J'ai plus de réserves sur l'Alphonse de Maxim Mironov, le timbre est agréable sans nul doute, la technique semble maîtrisée, mais aucune dynamique dans cette voix, ni aucune projection, alors peut-être cela sert-il la mise en scène de le voir vêtu comme une poupée, maquillé comme un travesti et chantant un peu comme une dame molle, la figure de l'absolutisme est une figure féminisée, mais tout de même, il doit bien avoir quelque charme et quelqu'énergie pour avoir séduit et Fenella et Elvire. j'attends de l'entendre dans un autre rôle.
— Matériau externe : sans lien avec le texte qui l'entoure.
Lemma lhs_sub_degree c al :
  lhs al c - degree c = zsum (map (fun w => vcoef c w * Z.b2z (al w)) (vars c)) - vdeg c.
Proof.
  set (sgn := fun x : Z * lit => if snd (snd x) then fst x else - fst x).
  assert (Hsplit : lhs al c = zsum (map (fun x => sgn x * Z.b2z (al (tvar x))) (terms c))
            + zsum (map (fun x : Z * lit => if snd (snd x) then 0 else fst x) (terms c))).
  { unfold lhs. rewrite <- zsum_map_add. apply zsum_map_ext.
    intros [z [w []]] _; unfold sgn, lit_val, tvar; cbn [fst snd]; ring. }
  assert (Hregroup : zsum (map (fun w => vcoef c w * Z.b2z (al w)) (vars c))
            = zsum (map (fun x => sgn x * Z.b2z (al (tvar x))) (terms c))).
  { rewrite <- (zsum_regroup (terms c) tvar _ (vars c) (vars_NoDup c) (in_vars c)).
    apply zsum_map_ext. intros w _. unfold vcoef. rewrite zsum_map_mulr.
    apply zsum_map_ext. intros x _.
    destruct (Nat.eqb_spec (tvar x) w); [subst; reflexivity | lia]. }
  unfold vdeg. rewrite Hsplit, Hregroup. lia.
Qed.

Lemma inb_In rho l : inb rho l = true <-> In l rho.
Proof.
  unfold inb. rewrite existsb_exists. split.
  - intros [[w b] [Hin Heq]]. destruct l as [w' b']. simpl in Heq.
    apply andb_true_iff in Heq as [Hw Hb]. apply Nat.eqb_eq in Hw. apply eqb_prop in Hb.
    subst; auto.
  - intros H. exists l. split; auto. destruct l; simpl. rewrite Nat.eqb_refl, eqb_reflx; auto.
Qed.

Lemma inb_cons l' rho l :
  inb (l' :: rho) l = (Nat.eqb (fst l') (fst l) && Bool.eqb (snd l') (snd l)) || inb rho l.
Proof. reflexivity. Qed.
La jeune Eglise Gutiérrez a bien des qualités: voix très contrôlée, aigus en place, notes filées, bel appui sur le diaphragme, mais elle semble toujours "à la limite", sans vraies réserves, elle n'articule pas toujours clairement le français et surtout, les vocalises manquent de ductilité, elles sont peu "agiles". Ce problèmes d'agilité se sent notamment au premier acte et doit aussi poser quelque problème dans Rossini. C'est dommage, elle est juste un cran en dessous de ce qu'on attendrait, mais la prestation est très solide quand même.
©Agathe Poupeney
Et Michael Spyres? Pur ténor de l'école américaine: diction impeccable, projection claire, très grand contrôle sur une voix à la fois forte, et mâle (il n'a pas ces accents un peu mièvres de certains ténors belcantistes) mais aussi très technique (montée à l'aigu, passages, notes données en "falsetto"); avec un timbre sans caractère particulier, il arrive à donner plein de couleurs à sa voix. Il sait chanter "forte" quand il faut, et donner vigueur et énergie (duo "amour sacré de la patrie") et il sait adoucir jusqu'au lyrisme le plus émouvant: sa cavatine de l'acte IV "Sommeil descend du haut des cieux" est un chef d’œuvre de retenue et de poésie. Vraiment, un nom à retenir pour tout le répertoire belcantiste de la première moitié du XIXème, et bien sûr, pour Raoul des Huguenots. Il obtient à la fin un triomphe justifié.
Les chœurs du théâtre de la Monnaie sont sans reproches, énergiques, clairs, très présents dans une œuvre où ils sont très sollicités.
La direction de Patrick Davin est très en place, précise, accompagne bien le plateau, mais il se pose un problème de volume de l'orchestre dans une salle peut-être pas conçue pour un opéra de ce type, en tous cas pas pour le Grand Opéra. L’œuvre alterne moments lyriques et moments plus martiaux, où l'on joue "forte". Je ne trouve pas que le chef ait cherché à rendre cette musique plus "raffinée", et pourtant, il y a des moments de grand raffinement.